[Records drawn from a dataset]
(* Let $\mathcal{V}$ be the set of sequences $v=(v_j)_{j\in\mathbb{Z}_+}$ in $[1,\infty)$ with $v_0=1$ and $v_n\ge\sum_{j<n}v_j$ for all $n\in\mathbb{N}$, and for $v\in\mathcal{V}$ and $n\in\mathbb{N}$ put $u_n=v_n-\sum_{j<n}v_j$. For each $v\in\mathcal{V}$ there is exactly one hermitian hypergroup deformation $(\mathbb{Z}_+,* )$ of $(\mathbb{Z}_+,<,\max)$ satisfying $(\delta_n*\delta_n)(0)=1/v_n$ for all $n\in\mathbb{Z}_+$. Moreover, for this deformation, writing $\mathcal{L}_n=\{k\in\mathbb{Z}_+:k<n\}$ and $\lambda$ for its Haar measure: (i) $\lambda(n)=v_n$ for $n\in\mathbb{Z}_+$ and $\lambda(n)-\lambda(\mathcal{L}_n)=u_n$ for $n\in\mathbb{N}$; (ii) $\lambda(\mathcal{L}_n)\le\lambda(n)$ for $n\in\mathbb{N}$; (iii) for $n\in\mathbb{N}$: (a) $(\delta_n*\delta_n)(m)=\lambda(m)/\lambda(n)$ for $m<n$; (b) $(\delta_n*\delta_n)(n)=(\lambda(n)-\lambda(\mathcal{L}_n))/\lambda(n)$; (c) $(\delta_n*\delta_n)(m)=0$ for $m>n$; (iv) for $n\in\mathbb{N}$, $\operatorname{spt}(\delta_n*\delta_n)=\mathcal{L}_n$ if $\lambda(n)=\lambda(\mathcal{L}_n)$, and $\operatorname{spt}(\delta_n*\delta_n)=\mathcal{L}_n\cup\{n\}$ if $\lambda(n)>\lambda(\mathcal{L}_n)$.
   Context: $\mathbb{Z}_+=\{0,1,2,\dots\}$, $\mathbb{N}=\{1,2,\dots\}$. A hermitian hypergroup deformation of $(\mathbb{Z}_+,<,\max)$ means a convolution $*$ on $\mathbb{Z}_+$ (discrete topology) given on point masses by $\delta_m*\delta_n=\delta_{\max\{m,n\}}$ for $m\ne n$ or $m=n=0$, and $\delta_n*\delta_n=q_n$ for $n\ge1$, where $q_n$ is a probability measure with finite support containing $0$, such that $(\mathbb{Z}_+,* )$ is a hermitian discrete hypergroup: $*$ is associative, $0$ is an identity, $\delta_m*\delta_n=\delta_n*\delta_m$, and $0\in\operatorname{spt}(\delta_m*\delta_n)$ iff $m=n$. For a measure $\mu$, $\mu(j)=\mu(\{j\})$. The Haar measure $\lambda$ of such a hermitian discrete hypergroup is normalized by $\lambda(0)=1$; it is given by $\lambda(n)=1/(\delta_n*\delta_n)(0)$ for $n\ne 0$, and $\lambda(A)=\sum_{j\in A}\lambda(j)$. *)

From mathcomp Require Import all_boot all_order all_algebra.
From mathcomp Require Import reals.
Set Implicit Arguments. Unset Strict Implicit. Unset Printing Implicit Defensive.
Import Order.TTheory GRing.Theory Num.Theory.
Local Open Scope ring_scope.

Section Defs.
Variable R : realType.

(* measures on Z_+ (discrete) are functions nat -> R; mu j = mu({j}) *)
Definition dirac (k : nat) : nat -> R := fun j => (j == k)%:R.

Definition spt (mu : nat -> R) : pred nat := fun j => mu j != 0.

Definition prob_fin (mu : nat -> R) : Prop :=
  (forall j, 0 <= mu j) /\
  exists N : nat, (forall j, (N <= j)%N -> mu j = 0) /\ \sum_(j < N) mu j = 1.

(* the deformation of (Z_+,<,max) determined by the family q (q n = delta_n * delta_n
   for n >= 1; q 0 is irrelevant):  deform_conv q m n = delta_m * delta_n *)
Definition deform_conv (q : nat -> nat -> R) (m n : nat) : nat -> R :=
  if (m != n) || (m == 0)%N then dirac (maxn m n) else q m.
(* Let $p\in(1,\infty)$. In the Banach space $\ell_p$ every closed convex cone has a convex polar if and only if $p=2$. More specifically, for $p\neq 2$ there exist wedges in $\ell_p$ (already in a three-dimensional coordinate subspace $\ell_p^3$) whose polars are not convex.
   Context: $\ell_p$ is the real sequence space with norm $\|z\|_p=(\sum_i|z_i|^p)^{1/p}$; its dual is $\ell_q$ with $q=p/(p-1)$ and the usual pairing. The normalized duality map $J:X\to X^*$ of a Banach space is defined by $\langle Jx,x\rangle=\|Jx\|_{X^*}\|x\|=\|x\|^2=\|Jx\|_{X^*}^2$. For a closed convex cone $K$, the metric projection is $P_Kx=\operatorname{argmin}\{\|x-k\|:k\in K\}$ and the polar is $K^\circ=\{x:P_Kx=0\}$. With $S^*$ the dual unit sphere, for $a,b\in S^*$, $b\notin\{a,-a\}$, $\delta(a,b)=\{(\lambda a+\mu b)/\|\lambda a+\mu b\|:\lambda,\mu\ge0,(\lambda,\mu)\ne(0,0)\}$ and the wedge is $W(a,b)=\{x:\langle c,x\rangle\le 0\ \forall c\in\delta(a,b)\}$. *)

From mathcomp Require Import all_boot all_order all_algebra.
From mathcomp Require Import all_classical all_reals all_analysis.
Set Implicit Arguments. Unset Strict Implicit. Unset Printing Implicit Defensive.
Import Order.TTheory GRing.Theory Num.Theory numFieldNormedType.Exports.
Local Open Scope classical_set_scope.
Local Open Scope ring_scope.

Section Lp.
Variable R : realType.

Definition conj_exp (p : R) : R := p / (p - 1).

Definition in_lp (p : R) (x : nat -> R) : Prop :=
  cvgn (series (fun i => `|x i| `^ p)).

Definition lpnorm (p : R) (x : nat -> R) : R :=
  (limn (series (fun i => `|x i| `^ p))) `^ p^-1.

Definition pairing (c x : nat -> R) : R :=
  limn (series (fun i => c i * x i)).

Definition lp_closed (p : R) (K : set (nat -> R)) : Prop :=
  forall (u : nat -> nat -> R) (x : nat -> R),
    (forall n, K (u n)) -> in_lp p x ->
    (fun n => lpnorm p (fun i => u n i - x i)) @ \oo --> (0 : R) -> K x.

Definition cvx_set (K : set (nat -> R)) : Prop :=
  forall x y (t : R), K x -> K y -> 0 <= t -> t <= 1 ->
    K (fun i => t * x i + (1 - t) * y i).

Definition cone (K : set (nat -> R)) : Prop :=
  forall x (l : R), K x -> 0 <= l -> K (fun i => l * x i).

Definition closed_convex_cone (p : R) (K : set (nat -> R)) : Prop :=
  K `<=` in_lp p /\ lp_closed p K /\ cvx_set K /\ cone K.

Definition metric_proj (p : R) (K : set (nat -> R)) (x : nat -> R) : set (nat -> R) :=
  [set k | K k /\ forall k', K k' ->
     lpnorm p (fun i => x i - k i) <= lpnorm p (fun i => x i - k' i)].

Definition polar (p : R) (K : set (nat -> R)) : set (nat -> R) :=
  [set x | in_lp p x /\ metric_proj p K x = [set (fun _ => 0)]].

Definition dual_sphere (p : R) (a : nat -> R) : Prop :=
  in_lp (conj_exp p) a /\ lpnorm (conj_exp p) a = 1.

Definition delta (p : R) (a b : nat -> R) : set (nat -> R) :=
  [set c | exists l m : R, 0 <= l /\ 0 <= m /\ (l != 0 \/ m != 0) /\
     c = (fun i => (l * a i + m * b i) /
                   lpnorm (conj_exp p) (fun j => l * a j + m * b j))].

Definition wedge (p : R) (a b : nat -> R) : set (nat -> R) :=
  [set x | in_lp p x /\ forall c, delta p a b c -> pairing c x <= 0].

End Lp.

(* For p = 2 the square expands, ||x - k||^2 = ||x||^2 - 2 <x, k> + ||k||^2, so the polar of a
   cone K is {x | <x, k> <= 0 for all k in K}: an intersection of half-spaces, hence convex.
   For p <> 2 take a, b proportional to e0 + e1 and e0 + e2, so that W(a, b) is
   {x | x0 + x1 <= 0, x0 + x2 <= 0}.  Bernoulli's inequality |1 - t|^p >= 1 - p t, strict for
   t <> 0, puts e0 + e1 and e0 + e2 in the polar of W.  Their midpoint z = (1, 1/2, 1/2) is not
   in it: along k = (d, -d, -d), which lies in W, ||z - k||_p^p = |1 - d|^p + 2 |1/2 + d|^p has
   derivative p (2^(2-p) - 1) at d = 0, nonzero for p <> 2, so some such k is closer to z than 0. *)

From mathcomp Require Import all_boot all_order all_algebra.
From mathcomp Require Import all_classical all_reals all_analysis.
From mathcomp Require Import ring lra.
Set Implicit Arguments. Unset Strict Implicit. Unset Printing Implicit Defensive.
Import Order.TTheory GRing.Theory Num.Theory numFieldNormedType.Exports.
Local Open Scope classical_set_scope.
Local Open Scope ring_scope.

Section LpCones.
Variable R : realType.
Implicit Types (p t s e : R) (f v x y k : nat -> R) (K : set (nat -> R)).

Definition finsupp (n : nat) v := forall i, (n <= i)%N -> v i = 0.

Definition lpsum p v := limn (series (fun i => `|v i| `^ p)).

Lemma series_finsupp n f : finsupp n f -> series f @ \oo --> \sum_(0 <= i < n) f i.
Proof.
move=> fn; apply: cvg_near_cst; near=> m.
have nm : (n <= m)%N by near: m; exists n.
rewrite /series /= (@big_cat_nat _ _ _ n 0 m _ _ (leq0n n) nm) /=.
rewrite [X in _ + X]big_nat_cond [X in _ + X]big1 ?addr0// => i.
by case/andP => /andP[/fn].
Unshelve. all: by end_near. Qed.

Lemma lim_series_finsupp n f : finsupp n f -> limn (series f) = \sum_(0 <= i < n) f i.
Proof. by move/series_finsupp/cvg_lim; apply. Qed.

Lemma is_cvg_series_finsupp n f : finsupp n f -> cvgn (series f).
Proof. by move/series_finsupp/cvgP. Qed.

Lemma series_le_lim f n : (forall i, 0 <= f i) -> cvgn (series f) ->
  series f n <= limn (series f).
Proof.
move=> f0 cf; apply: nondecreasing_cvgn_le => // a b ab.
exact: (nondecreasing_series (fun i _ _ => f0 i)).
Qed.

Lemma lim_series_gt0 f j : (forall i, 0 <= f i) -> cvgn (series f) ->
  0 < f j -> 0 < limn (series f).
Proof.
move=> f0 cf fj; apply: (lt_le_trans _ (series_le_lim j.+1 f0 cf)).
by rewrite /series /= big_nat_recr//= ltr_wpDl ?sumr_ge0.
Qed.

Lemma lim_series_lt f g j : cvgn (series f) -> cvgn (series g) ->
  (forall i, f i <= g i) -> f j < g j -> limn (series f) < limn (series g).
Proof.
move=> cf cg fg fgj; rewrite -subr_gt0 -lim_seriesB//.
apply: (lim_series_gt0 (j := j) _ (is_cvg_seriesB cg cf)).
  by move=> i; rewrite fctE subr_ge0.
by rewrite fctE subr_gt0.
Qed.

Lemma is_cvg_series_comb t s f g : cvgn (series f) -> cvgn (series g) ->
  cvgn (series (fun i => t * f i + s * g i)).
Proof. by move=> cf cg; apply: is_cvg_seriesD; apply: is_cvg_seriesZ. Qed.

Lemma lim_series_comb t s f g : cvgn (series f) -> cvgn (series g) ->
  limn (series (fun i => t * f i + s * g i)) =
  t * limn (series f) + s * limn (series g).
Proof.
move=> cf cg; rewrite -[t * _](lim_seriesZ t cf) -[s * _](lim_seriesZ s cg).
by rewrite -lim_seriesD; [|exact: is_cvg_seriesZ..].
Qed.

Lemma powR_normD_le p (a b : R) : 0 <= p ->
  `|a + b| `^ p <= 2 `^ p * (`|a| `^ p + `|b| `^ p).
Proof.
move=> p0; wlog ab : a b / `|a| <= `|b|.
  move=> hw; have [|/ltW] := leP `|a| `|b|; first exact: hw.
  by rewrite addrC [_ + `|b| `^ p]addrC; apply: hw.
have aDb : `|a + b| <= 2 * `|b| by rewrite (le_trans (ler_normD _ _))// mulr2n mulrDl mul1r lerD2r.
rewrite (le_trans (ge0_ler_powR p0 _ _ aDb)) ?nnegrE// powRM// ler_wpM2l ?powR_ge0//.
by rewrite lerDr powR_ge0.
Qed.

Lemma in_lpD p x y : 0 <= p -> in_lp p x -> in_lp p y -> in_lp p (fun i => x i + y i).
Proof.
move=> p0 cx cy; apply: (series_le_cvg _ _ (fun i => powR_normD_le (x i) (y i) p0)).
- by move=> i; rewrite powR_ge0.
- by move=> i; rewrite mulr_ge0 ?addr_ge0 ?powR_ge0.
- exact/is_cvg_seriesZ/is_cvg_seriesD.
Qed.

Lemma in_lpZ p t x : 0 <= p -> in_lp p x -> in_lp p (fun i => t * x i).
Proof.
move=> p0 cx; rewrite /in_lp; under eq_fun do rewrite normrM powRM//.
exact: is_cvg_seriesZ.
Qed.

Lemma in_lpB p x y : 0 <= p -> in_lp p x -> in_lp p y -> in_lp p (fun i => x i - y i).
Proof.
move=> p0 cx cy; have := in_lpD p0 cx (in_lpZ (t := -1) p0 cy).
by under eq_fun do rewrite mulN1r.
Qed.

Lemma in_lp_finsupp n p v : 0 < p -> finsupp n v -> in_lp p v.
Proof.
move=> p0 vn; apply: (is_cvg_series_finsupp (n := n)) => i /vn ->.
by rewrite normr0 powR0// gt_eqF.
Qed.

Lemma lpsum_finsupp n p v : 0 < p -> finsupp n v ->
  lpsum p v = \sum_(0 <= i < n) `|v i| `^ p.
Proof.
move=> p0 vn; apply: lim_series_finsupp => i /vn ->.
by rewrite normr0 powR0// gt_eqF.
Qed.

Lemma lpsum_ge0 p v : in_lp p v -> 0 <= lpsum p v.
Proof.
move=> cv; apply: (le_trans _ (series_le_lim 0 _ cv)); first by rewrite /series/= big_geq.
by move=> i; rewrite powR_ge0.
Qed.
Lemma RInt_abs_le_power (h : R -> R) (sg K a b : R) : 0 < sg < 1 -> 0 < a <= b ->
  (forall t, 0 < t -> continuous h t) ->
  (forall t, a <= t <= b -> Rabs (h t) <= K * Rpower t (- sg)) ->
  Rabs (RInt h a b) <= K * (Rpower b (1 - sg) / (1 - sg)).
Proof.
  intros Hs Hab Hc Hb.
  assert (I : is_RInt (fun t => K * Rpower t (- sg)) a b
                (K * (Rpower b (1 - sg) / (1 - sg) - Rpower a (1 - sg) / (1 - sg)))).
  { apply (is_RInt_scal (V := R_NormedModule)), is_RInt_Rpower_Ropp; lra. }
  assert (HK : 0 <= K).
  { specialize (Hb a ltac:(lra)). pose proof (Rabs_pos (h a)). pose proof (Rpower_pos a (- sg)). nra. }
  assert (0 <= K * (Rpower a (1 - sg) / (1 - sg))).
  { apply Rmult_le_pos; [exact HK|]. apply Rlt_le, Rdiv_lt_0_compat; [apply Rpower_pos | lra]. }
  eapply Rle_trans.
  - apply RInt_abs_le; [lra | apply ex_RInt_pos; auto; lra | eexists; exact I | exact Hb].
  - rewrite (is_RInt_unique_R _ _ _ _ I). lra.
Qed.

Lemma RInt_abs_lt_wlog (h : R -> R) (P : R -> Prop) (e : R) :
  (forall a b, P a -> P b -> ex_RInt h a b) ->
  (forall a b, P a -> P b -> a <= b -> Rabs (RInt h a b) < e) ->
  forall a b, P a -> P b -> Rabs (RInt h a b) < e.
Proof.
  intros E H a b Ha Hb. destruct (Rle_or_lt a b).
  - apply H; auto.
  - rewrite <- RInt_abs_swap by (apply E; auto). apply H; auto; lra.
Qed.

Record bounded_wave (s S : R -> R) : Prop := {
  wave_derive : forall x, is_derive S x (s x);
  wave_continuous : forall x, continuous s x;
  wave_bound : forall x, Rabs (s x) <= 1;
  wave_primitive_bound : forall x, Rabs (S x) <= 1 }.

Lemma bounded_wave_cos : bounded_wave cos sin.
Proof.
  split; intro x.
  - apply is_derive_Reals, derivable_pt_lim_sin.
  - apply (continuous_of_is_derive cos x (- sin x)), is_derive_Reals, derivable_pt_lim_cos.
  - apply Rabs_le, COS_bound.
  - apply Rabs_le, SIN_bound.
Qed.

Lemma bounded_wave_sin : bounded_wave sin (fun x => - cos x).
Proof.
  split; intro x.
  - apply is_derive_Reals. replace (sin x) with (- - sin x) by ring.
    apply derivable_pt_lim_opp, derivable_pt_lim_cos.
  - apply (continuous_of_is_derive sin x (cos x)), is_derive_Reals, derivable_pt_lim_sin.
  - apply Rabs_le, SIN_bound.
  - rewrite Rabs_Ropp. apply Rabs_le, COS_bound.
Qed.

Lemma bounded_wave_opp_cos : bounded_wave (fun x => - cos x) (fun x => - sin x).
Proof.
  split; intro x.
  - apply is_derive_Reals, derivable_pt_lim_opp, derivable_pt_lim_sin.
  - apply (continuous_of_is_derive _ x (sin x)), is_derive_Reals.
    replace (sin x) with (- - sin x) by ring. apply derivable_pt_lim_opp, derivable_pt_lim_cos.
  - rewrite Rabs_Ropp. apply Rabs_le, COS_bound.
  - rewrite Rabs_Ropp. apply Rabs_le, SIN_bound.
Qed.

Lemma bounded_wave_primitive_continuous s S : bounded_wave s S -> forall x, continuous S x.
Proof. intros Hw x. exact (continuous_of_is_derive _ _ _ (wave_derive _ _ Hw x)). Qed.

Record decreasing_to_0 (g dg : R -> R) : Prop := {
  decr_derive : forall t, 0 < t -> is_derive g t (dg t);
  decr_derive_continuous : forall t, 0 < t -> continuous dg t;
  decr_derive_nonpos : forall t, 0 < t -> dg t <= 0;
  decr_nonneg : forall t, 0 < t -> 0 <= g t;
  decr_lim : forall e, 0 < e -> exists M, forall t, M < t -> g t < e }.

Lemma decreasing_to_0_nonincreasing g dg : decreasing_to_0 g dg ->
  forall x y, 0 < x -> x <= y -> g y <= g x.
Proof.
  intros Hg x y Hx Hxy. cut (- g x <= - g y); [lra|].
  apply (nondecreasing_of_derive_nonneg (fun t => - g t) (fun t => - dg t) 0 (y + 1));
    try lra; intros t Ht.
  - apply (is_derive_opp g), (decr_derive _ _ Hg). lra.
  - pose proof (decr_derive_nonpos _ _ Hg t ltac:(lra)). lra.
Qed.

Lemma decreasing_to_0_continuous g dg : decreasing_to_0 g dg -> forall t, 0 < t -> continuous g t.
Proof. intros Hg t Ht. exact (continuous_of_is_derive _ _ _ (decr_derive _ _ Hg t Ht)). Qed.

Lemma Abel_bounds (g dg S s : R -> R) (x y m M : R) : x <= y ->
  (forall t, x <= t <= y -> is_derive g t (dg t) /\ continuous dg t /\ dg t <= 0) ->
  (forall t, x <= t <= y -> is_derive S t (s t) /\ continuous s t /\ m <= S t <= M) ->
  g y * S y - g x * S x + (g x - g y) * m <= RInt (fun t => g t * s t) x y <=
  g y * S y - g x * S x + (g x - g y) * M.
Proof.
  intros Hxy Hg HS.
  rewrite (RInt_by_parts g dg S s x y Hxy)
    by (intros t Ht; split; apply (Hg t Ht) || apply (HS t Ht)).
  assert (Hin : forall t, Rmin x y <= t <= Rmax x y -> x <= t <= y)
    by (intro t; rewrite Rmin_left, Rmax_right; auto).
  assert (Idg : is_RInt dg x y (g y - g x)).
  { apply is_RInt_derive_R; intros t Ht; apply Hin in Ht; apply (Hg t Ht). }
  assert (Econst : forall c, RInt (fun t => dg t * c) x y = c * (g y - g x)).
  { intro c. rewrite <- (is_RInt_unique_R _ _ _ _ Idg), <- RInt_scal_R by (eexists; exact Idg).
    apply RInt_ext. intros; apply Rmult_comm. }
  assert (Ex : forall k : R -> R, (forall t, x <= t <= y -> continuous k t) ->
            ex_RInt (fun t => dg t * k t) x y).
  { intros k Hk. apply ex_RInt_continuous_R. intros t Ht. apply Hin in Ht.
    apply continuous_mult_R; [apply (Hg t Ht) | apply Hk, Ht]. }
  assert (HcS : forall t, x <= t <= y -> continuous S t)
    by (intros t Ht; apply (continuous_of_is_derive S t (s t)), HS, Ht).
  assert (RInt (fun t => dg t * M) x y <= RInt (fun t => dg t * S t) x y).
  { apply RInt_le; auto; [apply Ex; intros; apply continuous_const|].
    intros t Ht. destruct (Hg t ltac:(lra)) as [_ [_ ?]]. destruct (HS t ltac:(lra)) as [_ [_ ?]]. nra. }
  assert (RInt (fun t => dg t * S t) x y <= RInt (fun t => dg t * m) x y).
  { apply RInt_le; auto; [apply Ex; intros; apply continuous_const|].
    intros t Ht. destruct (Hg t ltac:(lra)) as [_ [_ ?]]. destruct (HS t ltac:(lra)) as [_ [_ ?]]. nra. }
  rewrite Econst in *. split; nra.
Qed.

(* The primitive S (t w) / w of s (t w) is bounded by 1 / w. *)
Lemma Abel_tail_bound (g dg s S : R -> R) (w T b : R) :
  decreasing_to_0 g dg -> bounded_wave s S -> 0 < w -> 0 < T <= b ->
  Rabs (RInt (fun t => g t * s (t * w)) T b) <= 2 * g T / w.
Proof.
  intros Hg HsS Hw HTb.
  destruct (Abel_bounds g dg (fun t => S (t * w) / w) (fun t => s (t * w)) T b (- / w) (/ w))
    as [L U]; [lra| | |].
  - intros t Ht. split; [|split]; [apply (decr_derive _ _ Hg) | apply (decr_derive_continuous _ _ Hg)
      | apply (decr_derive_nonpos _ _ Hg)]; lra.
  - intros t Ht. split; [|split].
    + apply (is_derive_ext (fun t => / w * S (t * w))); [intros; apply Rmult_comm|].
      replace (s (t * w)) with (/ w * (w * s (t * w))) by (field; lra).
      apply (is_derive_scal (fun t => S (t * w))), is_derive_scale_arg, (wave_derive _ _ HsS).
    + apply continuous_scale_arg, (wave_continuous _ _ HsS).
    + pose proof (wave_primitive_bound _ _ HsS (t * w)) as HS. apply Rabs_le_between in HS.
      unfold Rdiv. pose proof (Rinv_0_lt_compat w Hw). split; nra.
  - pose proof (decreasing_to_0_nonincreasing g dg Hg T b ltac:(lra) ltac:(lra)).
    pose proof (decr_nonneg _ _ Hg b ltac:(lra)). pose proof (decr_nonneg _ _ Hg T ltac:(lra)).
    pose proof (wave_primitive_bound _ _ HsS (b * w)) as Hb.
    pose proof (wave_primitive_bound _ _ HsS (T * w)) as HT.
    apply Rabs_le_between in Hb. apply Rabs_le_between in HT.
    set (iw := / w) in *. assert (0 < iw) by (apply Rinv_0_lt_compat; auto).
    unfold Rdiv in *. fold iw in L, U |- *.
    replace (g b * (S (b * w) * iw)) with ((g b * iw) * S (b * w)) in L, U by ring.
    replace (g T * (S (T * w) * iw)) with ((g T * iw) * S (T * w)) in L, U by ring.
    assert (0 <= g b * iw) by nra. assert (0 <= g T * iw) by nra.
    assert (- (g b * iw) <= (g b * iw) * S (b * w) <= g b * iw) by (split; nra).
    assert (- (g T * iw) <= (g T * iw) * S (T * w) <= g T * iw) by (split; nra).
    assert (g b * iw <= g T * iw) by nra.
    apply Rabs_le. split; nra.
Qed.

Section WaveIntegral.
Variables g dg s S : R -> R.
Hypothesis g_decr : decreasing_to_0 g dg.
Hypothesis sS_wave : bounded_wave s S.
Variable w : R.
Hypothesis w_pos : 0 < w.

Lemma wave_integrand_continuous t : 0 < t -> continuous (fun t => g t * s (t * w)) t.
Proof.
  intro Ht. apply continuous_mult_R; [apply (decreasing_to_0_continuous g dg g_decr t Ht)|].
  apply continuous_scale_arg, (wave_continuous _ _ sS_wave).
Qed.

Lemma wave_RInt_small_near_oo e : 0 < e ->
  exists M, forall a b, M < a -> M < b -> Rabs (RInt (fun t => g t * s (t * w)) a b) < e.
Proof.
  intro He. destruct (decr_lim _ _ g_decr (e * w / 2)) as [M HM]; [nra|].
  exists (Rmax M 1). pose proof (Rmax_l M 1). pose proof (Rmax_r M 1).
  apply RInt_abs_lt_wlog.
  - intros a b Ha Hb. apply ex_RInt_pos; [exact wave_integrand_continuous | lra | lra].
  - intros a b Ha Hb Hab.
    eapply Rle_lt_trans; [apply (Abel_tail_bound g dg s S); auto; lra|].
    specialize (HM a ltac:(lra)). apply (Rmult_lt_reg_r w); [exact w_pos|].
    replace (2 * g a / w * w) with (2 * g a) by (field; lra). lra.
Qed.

Exercise description | Scan the records above and count the lines that contain "dirac". No text besides the count.

Answer for this exercise | 2